Example of clear, transparent p-value interpretation: Study data showed low compatibility (p=0·006) with being selected by probability random sampling from a population where men and women had the same risk of myocardial infarction, assuming that the assumptions underpinning the calculation methods are correct. Use of the term "probability random sampling" make the distinction from the everyday meaning of the word "random" (something that is unexpected or bizarre). Watt HC 2020

Poor practice when interpreting p-values: it is common practice to refer to p<0.05 as “statistically significant”, yet in plain English this implies large enough to matter. This language may be one reason why many people ignore strengths of association, focusing on whether p<0.05. For instance, when p>0.05, many people refer to “no association” or even having “proven no association”, even when the relative risk amongst study participants is large.

P-value interpretations often omit to refer to the population, which may be one reason why many researchers, including around half of statistical authors, have been shown to erroneously believe that p>0.05 implies lack of knowledge of whether the relative risk is above one amongst study participants, rather than merely amongst the population. This fundamental misunderstanding, with excessive focus on whether p<0.05, can lead to researchers lacking the ability to sensibly summarise the evidence across the research literature.

Figure to promote understanding of the continuous nature of p-values: The x-axis shows the ratio of strength of association (such as difference in means between group), to precision of estimate (of this difference in means in the population, assuming study participants are selected at random from this population). The y-axis shows the p-value, which reflect compatibility of study data with being selected at random from a population where the difference in means in the same. This also applies to some other measures of strength of association. Watt HC 2020Figure to promote understanding of the continuous nature of p-values

The following figure (can be downloaded) is a compromise, interpreting p-values as strength of evidence for associations in the population (assuming random sampling of participants from this population). This is arguably appropriate for primary outcomes in medical research.

P-values vs Z-values: Interpreting as strength of evidence for association in population (assuming random sampling of participants from population)

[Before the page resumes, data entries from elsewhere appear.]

(* Let $T=\langle a,b,c\rangle$ with $1<a<b<c$, $\gcd(a,b)=\gcd(a,c)=\gcd(b,c)=1$ and $c\notin\langle a,b\rangle$, and let $\mathrm L(l,h,w,y)$ be the (unique) L-shape related to $T$. Then $h<a$ and $l<b$.
   Context: $\langle a,b\rangle=\{xa+yb:x,y\in\mathbb N\}$ and $T=\langle a,b,c\rangle=\{xa+yb+zc:x,y,z\in\mathbb N\}$. For $(i,j)\in\mathbb N^2$ let $[\![i,j]\!]=[i,i+1)\times[j,j+1)\subset\mathbb R^2$. For integers $0\le w<l$, $0\le y<h$, the L-shape $\mathrm L(l,h,w,y)$ is the set of unit squares $[\![i,j]\!]$ with $0\le i<l$, $0\le j<h$, excluding those with $i\ge l-w$ and $j\ge h-y$ (it has $lh-wy$ squares). An L-shape $\mathcal H$ is related to $T$ if it consists of exactly $c$ squares, every residue class modulo $c$ equals $ia+jb \bmod c$ for exactly one $[\![i,j]\!]\in\mathcal H$, and for each $[\![i,j]\!]\in\mathcal H$, $ia+jb=\min\{sa+tb:(s,t)\in\mathbb N^2,\ sa+tb\equiv ia+jb \pmod c\}$. *)

From mathcomp Require Import all_boot.
Set Implicit Arguments.
Unset Strict Implicit.
Unset Printing Implicit Defensive.

Definition in_sg2 (a b n : nat) : Prop := exists x y : nat, n = x * a + y * b.

Definition inL (l h w y i j : nat) : bool :=
  [&& i < l, j < h & ~~ ((l - w <= i) && (h - y <= j))].

Definition cardL (l h w y : nat) : nat :=
  \sum_(i < l) \sum_(j < h) inL l h w y i j.

Definition related (a b c l h w y : nat) : Prop :=
  [/\ cardL l h w y = c,
      (forall r, r < c -> exists i j, inL l h w y i j /\ (i * a + j * b) %% c = r),
      (forall i j i' j', inL l h w y i j -> inL l h w y i' j' ->
          i * a + j * b = i' * a + j' * b %[mod c] -> i = i' /\ j = j')
    &
      (forall i j, inL l h w y i j -> forall s t,
          s * a + t * b = i * a + j * b %[mod c] -> i * a + j * b <= s * a + t * b)].

(* A square [[i,j]] of the L-shape carries the least element i a + j b of its
   class mod c in <a,b>, so no such value can be written as n + c with n in
   <a,b>.  Since c is a gap of <a,b>, the symmetry of the two-generator
   semigroup gives (a - 1) b = n + c for some n in <a,b>; hence the square
   [[0, a - 1]] is not in the L-shape, i.e. h < a.  Exchanging a and b,
   [[b - 1, 0]] is not in it either, i.e. l < b. *)
From mathcomp Require Import all_boot.
From mathcomp Require Import zify.

Set Implicit Arguments.
Unset Strict Implicit.

Lemma in_sg2C (a b n : nat) : in_sg2 a b n -> in_sg2 b a n.
Proof. by move=> [x [y ->]]; exists y, x; rewrite addnC. Qed.

Lemma coprime_mod_solution (p q c : nat) : 0 < p -> 0 < q -> coprime p q ->
  exists2 t, t < p & t * q = c %[mod p].
Proof.
move=> p0 q0 cop.
have [km kn E _] := egcdnP p q0.
rewrite gcdnC (eqP cop) in E.
exists ((km * c) %% p); first by rewrite ltn_mod.
rewrite modnMml -mulnA [c * q]mulnC mulnA E mulnDl mul1n.
by rewrite -mulnA [p * c]mulnC mulnA modnMDl.
Qed.

(* Symmetry of <p,q>: for a gap c, (p - 1) q - c = (p q - p - q) - c + p lies in <p,q>. *)
Lemma sg2_gap_complement (p q c : nat) : 0 < p -> 0 < q -> coprime p q ->
  ~ in_sg2 p q c -> exists s t, s * p + t * q + c = (p - 1) * q.
Proof.
move=> p0 q0 cop gap_c.
have [t tp Ht] := coprime_mod_solution c p0 q0 cop.
case: (leqP (t * q) c) => Htc.
  have Hd : p %| c - t * q by rewrite -eqn_mod_dvd // Ht.
  by case: gap_c; exists ((c - t * q) %/ p), t; rewrite divnK //; lia.
have Hd : p %| t * q - c by rewrite -eqn_mod_dvd ?Ht // ltnW.
exists ((t * q - c) %/ p), (p - 1 - t); rewrite divnK // mulnBl.
have : t * q <= (p - 1) * q by rewrite leq_mul2r; lia.
by move: Htc; set X := t * q; set Y := (p - 1) * q; lia.
Qed.

Lemma related_square_not_shift (a b c l h w y i j s t : nat) : 0 < c ->
  related a b c l h w y -> inL l h w y i j ->
  s * a + t * b + c <> i * a + j * b.
Proof.
move=> c0 [_ _ _ minL] ijL E.
have := minL _ _ ijL s t; rewrite -E modnDr => /(_ erefl); lia.
Qed.

Lemma inL_column0 (l h w y j : nat) : w < l -> j < h -> inL l h w y 0 j.
Proof. by move=> wl jh; rewrite /inL; apply/and3P; split; lia. Qed.

Lemma inL_row0 (l h w y i : nat) : y < h -> i < l -> inL l h w y i 0.
Proof. by move=> yh il; rewrite /inL; apply/and3P; split; lia. Qed.

Theorem lemma10 (a b c l h w y : nat) :
  1 < a -> a < b -> b < c ->
  coprime a b -> coprime a c -> coprime b c ->
  ~ in_sg2 a b c ->
  w < l -> y < h ->
  related a b c l h w y ->
  h < a /\ l < b.
Proof.
move=> a1 ab bc cab _ _ gap_c wl yh relL.
have a0 : 0 < a by lia.
have b0 : 0 < b by lia.
have c0 : 0 < c by lia.
split; rewrite ltnNge; apply/negP => big.
- have [s [t E]] := sg2_gap_complement a0 b0 cab gap_c.
  have cornerL : inL l h w y 0 (a - 1) by apply: inL_column0; lia.
  by apply: (related_square_not_shift (s := s) (t := t) c0 relL cornerL); rewrite mul0n E.
- have cba : coprime b a by rewrite coprime_sym.
  have gap_c' : ~ in_sg2 b a c by move/in_sg2C.
  have [s [t E]] := sg2_gap_complement b0 a0 cba gap_c'.
  have cornerL : inL l h w y (b - 1) 0 by apply: inL_row0; lia.
  apply: (related_square_not_shift (s := t) (t := s) c0 relL cornerL).
  by rewrite mul0n addn0 -E [t * a + _]addnC.
Qed.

Data management in R and in Stata

The most time-consuming part of data analysis is generally to prepare the data for analysis. If attention isn't given to the accuracy of data at this stage, results can be based on erroneous data, potentially rendering them worthless.

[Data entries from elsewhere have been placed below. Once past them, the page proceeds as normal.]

End Transport.

Theorem corollary1 (R : realFieldType) (V C : finType) (S : nat)
    (B : {set C} -> nat) (A : {set C}) :
  is_election V S B -> A != set0 ->
  exists m : R, is_maxMin B A m /\
    exists K : {set C},
      [/\ K != set0, K \subset A,
          (forall F c, in_opt B A m F -> c \in K -> Supp F c = m) &
          m = (\sum_(y : {set C} | y :&: K != set0) (B y)%:R) / (#|K|%:R)].
Proof.
move=> _ A0; pose w y : R := (B y)%:R.
have w_ge0 y : 0 <= w y by rewrite ler0n.
have [K /andP[K0 KA] Kmin] : exists2 K, (K != set0) && (K \subset A) &
    forall K', K' != set0 -> K' \subset A -> ratio w K <= ratio w K'.
  have AA : (A != set0) && (A \subset A) by rewrite A0 subxx.
  case: (@arg_minP _ _ _ A (fun K => (K != set0) && (K \subset A)) (ratio w) AA).
  by move=> K PK Kmin; exists K => // K' K'0 K'A; apply: Kmin; rewrite K'0 K'A.
have [F Fflow Fdem] := hall_feasible w_ge0 (hall_min_ratio w_ge0 Kmin).
exists (ratio w K); split; last first.
  exists K; split=> // F' c [F'flow F'opt]; exact: Supp_eq_ratio F'flow KA F'opt c.
split=> [F' v F'flow [_ v_le] | m' m'_ge].
  exact: ratio_ge_Supp F'flow KA K0 v_le.
have [a aA] := set0Pn _ A0.
case: (arg_minP (Supp F) aA) => c cA c_min.
by apply: le_trans (Fdem c cA) _; apply: m'_ge Fflow _; split; [exists c|].
Qed.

Hilary has prepared resources in both stata and in R. Whereas most software teaching is arranged around types of command, she prepares resources arranged around practical problems that people face. There are resources for data cleaning, teaching how to get data into good order. She teaches important checks and requirements required prior to merging, and some commands that may be useful to tidy up the data for this purpose. She teaches how to check results and respond to some common error messages. She teaches restructuring of datasets, including necessary commands to prepare the data before commands to restructure the datasets can be applied. This saves students from taking for example a whole module to learn string functions, when they need one string function command, and they might not necessarily recognise which one may be relevant.

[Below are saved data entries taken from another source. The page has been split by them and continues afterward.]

(* Let $\mathfrak g$ be a real almost abelian Lie algebra (i.e. $\mathfrak g$ has an abelian ideal of codimension one) and let $(J,\langle\cdot,\cdot\rangle)$ be a Hermitian structure on $\mathfrak g$. Then there exist a $J$-invariant abelian ideal $\mathfrak a$ of $\mathfrak g$ of codimension $2$, an orthonormal basis $\{f_1,f_2\}$ of $\mathfrak a^{\perp}$, a vector $v_0\in\mathfrak a$ and a number $\mu\in\mathbb R$ such that $[f_1,f_2]=\mu f_2+v_0$, the endomorphism $\operatorname{ad}_{f_1}|_{\mathfrak a}$ of $\mathfrak a$ commutes with $J|_{\mathfrak a}$, and $\operatorname{ad}_{f_2}|_{\mathfrak a}=0$.
   Context: A complex structure on a real Lie algebra $\mathfrak g$ is an endomorphism $J$ with $J^2=-\mathrm{Id}$ and vanishing Nijenhuis tensor $N_J(x,y)=[Jx,Jy]-[x,y]-J([Jx,y]+[x,Jy])$ for all $x,y\in\mathfrak g$. A Hermitian structure $(J,\langle\cdot,\cdot\rangle)$ consists of a complex structure $J$ and an inner product with $\langle Jx,Jy\rangle=\langle x,y\rangle$. *)

(* A real Lie algebra of dimension n is modelled on the
   row-vector space 'rV[R]_n (R : realType) with a bracket [br]; linear
   endomorphisms are matrices acting on the right (x *m J); subspaces are
   matrices viewed through their row space (mxalgebra, %MS); an inner
   product is given by a symmetric positive definite Gram matrix. *)
From HB Require Import structures.
From mathcomp Require Import all_boot all_order all_algebra.
From mathcomp Require Import reals.
Set Implicit Arguments. Unset Strict Implicit. Unset Printing Implicit Defensive.
Import Order.TTheory GRing.Theory Num.Theory.
Local Open Scope ring_scope.

Section LieDefs.
Variables (R : realType) (n : nat).
Notation V := 'rV[R]_n.

(* Lie bracket: bilinear (left linear + alternating gives right linear),
   alternating, Jacobi identity. *)
Definition is_lie_bracket (br : V -> V -> V) : Prop :=
  [/\ (forall (a : R) (x y z : V), br (a *: x + y) z = a *: br x z + br y z),
      (forall x : V, br x x = 0) &
      (forall x y z : V, br x (br y z) + br y (br z x) + br z (br x y) = 0)].

Definition is_ideal (br : V -> V -> V) (A : 'M[R]_n) : Prop :=
  forall x y : V, (y <= A)%MS -> (br x y <= A)%MS.

Definition is_abelian_sub (br : V -> V -> V) (A : 'M[R]_n) : Prop :=
  forall x y : V, (x <= A)%MS -> (y <= A)%MS -> br x y = 0.

Definition almost_abelian (br : V -> V -> V) : Prop :=
  exists A : 'M[R]_n, [/\ is_ideal br A, is_abelian_sub br A & (\rank A).+1 = n].

Definition nijenhuis (br : V -> V -> V) (J : 'M[R]_n) (x y : V) : V :=
  br (x *m J) (y *m J) - br x y - (br (x *m J) y + br x (y *m J)) *m J.

Definition complex_structure (br : V -> V -> V) (J : 'M[R]_n) : Prop :=
  J *m J = - 1%:M /\ forall x y : V, nijenhuis br J x y = 0.

Definition ip (G : 'M[R]_n) (u v : V) : R := (u *m G *m v^T) 0 0.

Definition inner_product (G : 'M[R]_n) : Prop :=
  G^T = G /\ forall v : V, v != 0 -> 0 < ip G v v.

Definition hermitian_structure (br : V -> V -> V) (J G : 'M[R]_n) : Prop :=
  [/\ complex_structure br J, inner_product G &
      forall x y : V, ip G (x *m J) (y *m J) = ip G x y].

End LieDefs.

(* Let U be the abelian ideal of codimension one. U is not J-invariant: J would
   induce on the line g/U a real endomorphism squaring to -1. Hence
   a = U ∩ UJ is a J-invariant subspace of codimension two. Take f2 a unit
   vector of U orthogonal to a, and f1 = f2 J. Since f1 J = -f2 lies in the
   abelian ideal U, the vanishing of the Nijenhuis tensor on (f1, v), v ∈ a,
   reduces to [f1, vJ] = [f1, v] J; so ad f1 commutes with J on a and maps a
   into U ∩ UJ = a, which makes a an ideal. Finally [f1, f2] ∈ U = a ⊕ R f2,
   and ad f2 vanishes on a because U is abelian. *)

From HB Require Import structures.
From mathcomp Require Import all_boot all_order all_algebra.
From mathcomp Require Import reals.
From mathcomp Require Import lra zify.
Set Implicit Arguments. Unset Strict Implicit. Unset Printing Implicit Defensive.
Import Order.TTheory GRing.Theory Num.Theory.
Local Open Scope ring_scope.

Section Codim1.
Variables (F : fieldType) (n : nat).

Lemma mxrank_addsmx_lt p q (A : 'M[F]_(p, n)) (B : 'M[F]_(q, n)) :
  ~~ (B <= A)%MS -> (\rank A < \rank (A + B))%N.
Proof. by move=> BA; apply: rank_ltmx; rewrite ltmxE addsmxSl addsmx_sub submx_refl. Qed.

Lemma sub_addsmx_codim1 p q (A : 'M[F]_(p, n)) (U : 'M[F]_(q, n)) (v : 'rV[F]_n) :
  (A <= U)%MS -> (\rank A).+1 = \rank U -> (v <= U)%MS -> ~~ (v <= A)%MS ->
  (U <= A + v)%MS.
Proof.
move=> AU rkA vU vA.
have AvU : (A + v <= U)%MS by rewrite addsmx_sub AU vU.
have rk_lt := mxrank_addsmx_lt vA.
have rk_le := mxrankS AvU.
have rk_eq : \rank (A + v)%MS == \rank U by rewrite eqn_leq rk_le; lia.
by move: rk_eq; rewrite (mxrank_leqif_eq AvU) => /andP[].
Qed.

Lemma sub_addsmx_rowP p (A : 'M[F]_(p, n)) (v x : 'rV[F]_n) :
  (x <= A + v)%MS -> exists c u, (u <= A)%MS /\ x = c *: v + u.
Proof.
case/sub_addsmxP => -[D1 D2] /= ->.
exists (D2 0 0), (D1 *m A); split; first exact: submxMl.
by rewrite {1}[D2]mx11_scalar mul_scalar_mx addrC.
Qed.

End Codim1.

Section ComplexStructure.
Variables (F : fieldType) (n : nat) (J : 'M[F]_n).
Hypothesis JJ : J *m J = - 1%:M.

Lemma mulmxJJ m (x : 'M[F]_(m, n)) : x *m J *m J = - x.
Proof. by rewrite -mulmxA JJ mulmxN mulmx1. Qed.

Lemma sub_mulmxJ m p (x : 'M[F]_(m, n)) (U : 'M[F]_(p, n)) :
  (x <= U *m J)%MS = (x *m J <= U)%MS.
Proof.
apply/idP/idP => [/submxP[D ->] | xJU].
  by rewrite -mulmxA mulmxJJ mulmxN eqmx_opp submxMl.
by rewrite -[x]opprK -(mulmxJJ x) eqmx_opp submxMr.
Qed.

Lemma mxrank_mulmxJ p (U : 'M[F]_(p, n)) : \rank (U *m J) = \rank U.
Proof.
apply: mxrankMfree; rewrite row_free_unit.
have JNJ : J *m (- J) = 1%:M by rewrite mulmxN JJ opprK.
by case: (mulmx1_unit JNJ).
Qed.

Lemma capmx_mulJ_stable p (U : 'M[F]_(p, n)) :
  ((U :&: U *m J) *m J <= U :&: U *m J)%MS.
Proof. by rewrite sub_capmx -sub_mulmxJ capmxSr submxMr ?capmxSl. Qed.

End ComplexStructure.

Section RealComplexStructure.
Variables (R : realFieldType) (n : nat) (J : 'M[R]_n).
Hypothesis JJ : J *m J = - 1%:M.

Lemma codim1_not_mulJ_stable p (U : 'M[R]_(p, n)) :
  (\rank U).+1 = n -> ~~ (U *m J <= U)%MS.
Proof.
move=> rkU; apply/negP => UJ.
have /row_subPn[i xU] : ~~ (1%:M <= U)%MS by rewrite sub1mx /row_full; lia.
set x := row i 1%:M in xU.
have /sub_addsmx_rowP[c [u [uU xJ]]] : (x *m J <= U + x)%MS.
  by apply: submx_full; rewrite -sub1mx sub_addsmx_codim1 ?submx1 ?mxrank1.
have c21 : c ^+ 2 + 1 != 0 by rewrite lt0r_neq0 // ltr_wpDl ?sqr_ge0.
have xE : (c ^+ 2 + 1) *: x = - (c *: u + u *m J).
  have xJJ : - x = c ^+ 2 *: x + (c *: u + u *m J).
    by rewrite -(mulmxJJ JJ x) xJ mulmxDl -scalemxAl xJ scalerDr scalerA -expr2 addrA.
  have -> : c *: u + u *m J = - x - c ^+ 2 *: x by rewrite xJJ addrAC subrr add0r.
  by rewrite opprB opprK scalerDl scale1r.
apply/negP: xU; rewrite -[x](scalerK c21) xE scalemx_sub // eqmx_opp.
by rewrite addmx_sub ?scalemx_sub // (submx_trans _ UJ) ?submxMr.
Qed.

Lemma mxrank_capmx_mulJ p (U : 'M[R]_(p, n)) :
  (\rank U).+1 = n -> (\rank (U :&: U *m J) + 2)%N = n.
Proof.
move=> rkU; have UJU := codim1_not_mulJ_stable rkU.
have rk_lt := mxrank_addsmx_lt UJU.
have := rank_leq_col (U + U *m J)%MS; have := mxrank_sum_cap U (U *m J).
rewrite mxrank_mulmxJ //; lia.
Qed.

End RealComplexStructure.

Section InnerProduct.
Variables (R : realType) (n : nat) (G : 'M[R]_n).
Implicit Types (u v : 'rV[R]_n).

Lemma ipZl a u v : ip G (a *: u) v = a * ip G u v.
Proof. by rewrite /ip -!scalemxAl mxE. Qed.

Lemma ipZr a u v : ip G u (a *: v) = a * ip G u v.
Proof. by rewrite /ip linearZ /= -scalemxAr mxE. Qed.

Lemma ipNr u v : ip G u (- v) = - ip G u v.
Proof. by rewrite /ip linearN /= mulmxN mxE. Qed.

Lemma ip_sym u v : G^T = G -> ip G u v = ip G v u.
Proof.
move=> Gsym; have tr_uGv : (u *m G *m v^T)^T = v *m G *m u^T.
  by rewrite !trmx_mul trmxK Gsym mulmxA.
by rewrite /ip -tr_uGv [RHS]mxE.
Qed.

Lemma ip_kermx p (A : 'M[R]_(p, n)) f v :
  (f <= kermx (G *m A^T))%MS -> (v <= A)%MS -> ip G f v = 0.
Proof.
rewrite sub_kermx => /eqP fGA /submxP[D ->].
by rewrite /ip trmx_mul !mulmxA -(mulmxA f) fGA !mul0mx mxE.
Qed.

Lemma exists_orthogonal_unit p q (A : 'M[R]_(p, n)) (U : 'M[R]_(q, n)) :
  inner_product G -> (\rank A < \rank U)%N ->
  exists f : 'rV[R]_n,
    [/\ ip G f f = 1, (f <= U)%MS & forall v : 'rV[R]_n, (v <= A)%MS -> ip G f v = 0].
Proof.
move=> [_ Gpos] rkAU; set K := kermx (G *m A^T).
have rk_cap : (0 < \rank (U :&: K))%N.
  have := mxrank_sum_cap U K; have := rank_leq_col (U + K)%MS.
  have rGA : (\rank (G *m A^T) <= \rank A)%N by rewrite -(mxrank_tr A) mxrankM_maxr.
  by have := rank_leq_col U; rewrite mxrank_ker; lia.
set f := nz_row (U :&: K)%MS.
have f0 : f != 0 by rewrite nz_row_eq0 -mxrank_eq0 -lt0n.
have fU : (f <= U)%MS := submx_trans (nz_row_sub _) (capmxSl _ _).
have fK : (f <= K)%MS := submx_trans (nz_row_sub _) (capmxSr _ _).
have ff_gt0 := Gpos f f0; set s := Num.sqrt (ip G f f).
exists (s^-1 *: f); split; [|exact: scalemx_sub|].
  by rewrite ipZl ipZr mulrA -expr2 exprVn sqr_sqrtr ?ltW ?mulVf ?gt_eqF.
by move=> v vA; rewrite ipZl (ip_kermx fK vA) mulr0.
Qed.

End InnerProduct.

Section HermitianStructure.
Variables (R : realType) (n : nat) (J G : 'M[R]_n).
Hypotheses (JJ : J *m J = - 1%:M) (Gsym : G^T = G).
Hypothesis JG : forall x y : 'rV[R]_n, ip G (x *m J) (y *m J) = ip G x y.

Lemma ip_mulJr (x y : 'rV[R]_n) : ip G x (y *m J) = - ip G (x *m J) y.
Proof. by rewrite -JG mulmxJJ // ipNr. Qed.

Lemma ip_mulJ_self (x : 'rV[R]_n) : ip G (x *m J) x = 0.
Proof.
have : ip G (x *m J) x = - ip G (x *m J) x by rewrite {1}ip_sym // ip_mulJr.
lra.
Qed.

Lemma orthonormal_mulJ p (A : 'M[R]_(p, n)) (f : 'rV[R]_n) :
  (A *m J <= A)%MS -> ip G f f = 1 -> (forall v : 'rV[R]_n, (v <= A)%MS -> ip G f v = 0) ->
  [/\ ip G (f *m J) (f *m J) = 1, ip G f f = 1, ip G (f *m J) f = 0 &
      forall v : 'rV[R]_n, (v <= A)%MS -> ip G v (f *m J) = 0 /\ ip G v f = 0].
Proof.
move=> AJ ff fA; split; rewrite ?JG ?ip_mulJ_self // => v vA.
rewrite ip_mulJr !(ip_sym _ f) // !fA ?oppr0 //.
exact: submx_trans (submxMr J vA) AJ.
Qed.

End HermitianStructure.

Section AlmostAbelian.
Variables (R : realType) (n : nat) (br : 'rV[R]_n -> 'rV[R]_n -> 'rV[R]_n).

Lemma nijenhuis_abelian_mulJr J (U : 'M[R]_n) (x y : 'rV[R]_n) :
  complex_structure br J -> is_abelian_sub br U ->
  (x *m J <= U)%MS -> (y <= U)%MS -> (y *m J <= U)%MS ->
  br x (y *m J) = br x y *m J.
Proof.
move=> [JJ N0] Uab xJU yU yJU; have := N0 x y.
rewrite /nijenhuis (Uab (x *m J) (y *m J)) // (Uab (x *m J) y) //.
rewrite sub0r add0r => /eqP; rewrite -opprD oppr_eq0 addr_eq0.
by move=> /eqP ->; rewrite mulNmx mulmxJJ // opprK.
Qed.

Lemma ideal_codim1 (U A : 'M[R]_n) (f : 'rV[R]_n) :
  is_lie_bracket br -> is_abelian_sub br U -> row_full (U + f)%MS -> (A <= U)%MS ->
  (forall y : 'rV[R]_n, (y <= A)%MS -> (br f y <= A)%MS) -> is_ideal br A.
Proof.
move=> [brDl _ _] Uab Uf_full AU adfA x y yA.
have /sub_addsmx_rowP[c [u [uU ->]]] := submx_full x Uf_full.
by rewrite brDl (Uab u y) ?(submx_trans yA) // addr0 scalemx_sub ?adfA.
Qed.

End AlmostAbelian.

Section JInvariantPart.
Variables (R : realType) (n : nat) (br : 'rV[R]_n -> 'rV[R]_n -> 'rV[R]_n).
Variables (J U : 'M[R]_n) (x : 'rV[R]_n).
Hypotheses (Jcs : complex_structure br J) (Uideal : is_ideal br U).
Hypotheses (Uab : is_abelian_sub br U) (xJU : (x *m J <= U)%MS).

Lemma ad_mulJr_capmx (v : 'rV[R]_n) : (v <= U :&: U *m J)%MS -> br x (v *m J) = br x v *m J.
Proof.
move=> va; have JJ := proj1 Jcs.
apply: nijenhuis_abelian_mulJr Jcs Uab xJU _ _; first exact: submx_trans va (capmxSl _ _).
by rewrite -sub_mulmxJ //; apply: submx_trans va (capmxSr _ _).
Qed.

Lemma ad_sub_capmx (v : 'rV[R]_n) : (v <= U :&: U *m J)%MS -> (br x v <= U :&: U *m J)%MS.
Proof.
move=> va; have JJ := proj1 Jcs.
have vJU : (v *m J <= U)%MS by rewrite -sub_mulmxJ //; apply: submx_trans va (capmxSr _ _).
by rewrite sub_capmx sub_mulmxJ // -ad_mulJr_capmx // !Uideal // (submx_trans va) ?capmxSl.
Qed.

End JInvariantPart.

Theorem lemma3p1 (R : realType) (n : nat) (br : 'rV[R]_n -> 'rV[R]_n -> 'rV[R]_n)
    (J G : 'M[R]_n) :
  is_lie_bracket br -> almost_abelian br -> hermitian_structure br J G ->
  exists a : 'M[R]_n,
    [/\ is_ideal br a, is_abelian_sub br a, (a *m J <= a)%MS & (\rank a + 2)%N = n] /\
    exists (f1 f2 : 'rV[R]_n),
      [/\ ip G f1 f1 = 1, ip G f2 f2 = 1, ip G f1 f2 = 0 &
          forall v : 'rV[R]_n, (v <= a)%MS -> ip G v f1 = 0 /\ ip G v f2 = 0] /\
      exists (v0 : 'rV[R]_n) (mu : R),
        [/\ (v0 <= a)%MS, br f1 f2 = mu *: f2 + v0,
            (forall v : 'rV[R]_n, (v <= a)%MS -> br f1 (v *m J) = br f1 v *m J) &
            (forall v : 'rV[R]_n, (v <= a)%MS -> br f2 v = 0)].
Proof.
move=> lie [U [Uideal Uab rkU]] [Jcs Gip JG]; have [JJ _] := Jcs; have [Gsym _] := Gip.
set a := (U :&: U *m J)%MS.
have rka : (\rank a + 2)%N = n := mxrank_capmx_mulJ JJ rkU.
have aU : (a <= U)%MS := capmxSl _ _.
have aJ : (a *m J <= a)%MS := capmx_mulJ_stable JJ U.
have rk_aU : (\rank a < \rank U)%N by lia.
have [f2 [f2n f2U f2_orth]] := exists_orthogonal_unit Gip rk_aU.
have f2_notin_a : ~~ (f2 <= a)%MS.
  by apply/negP => /f2_orth; rewrite f2n => /eqP; rewrite oner_eq0.
set f1 := f2 *m J.
have f1J : (f1 *m J <= U)%MS by rewrite mulmxJJ // eqmx_opp.
have f1_notin_U : ~~ (f1 <= U)%MS.
  by apply: contra f2_notin_a => f1U; rewrite sub_capmx f2U sub_mulmxJ.
exists a; split; first split=> //.
- apply: ideal_codim1 lie Uab _ aU (ad_sub_capmx Jcs Uideal Uab f1J).
  by rewrite -sub1mx sub_addsmx_codim1 ?submx1 ?mxrank1.
- by move=> x y xa ya; apply: Uab; apply: submx_trans aU.
exists f1, f2; split; first exact: orthonormal_mulJ.
have Ua : (U <= a + f2)%MS by apply: sub_addsmx_codim1 aU _ f2U f2_notin_a; lia.
have [mu [v0 [v0a br12]]] := sub_addsmx_rowP (submx_trans (Uideal f1 f2 f2U) Ua).
exists v0, mu; split=> // [v va | v va].
  exact (ad_mulJr_capmx Jcs Uab f1J va).
exact: Uab f2U (submx_trans va aU).
Qed.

Some PhD students attended these stata training sessions towards the end of their dissertations, after using google to learn stata. They were amazed at how many efficient data wrangling functions they had missed, and how much time that would have saved them.

MPH students have described resources as “awesome”. Some commented that they were still using the resources a few years after finishing their studies.

The stata data preparation documents were previously available on the internet, with researchers requesting the associated datasets, and praising them highly for how well laid out they are.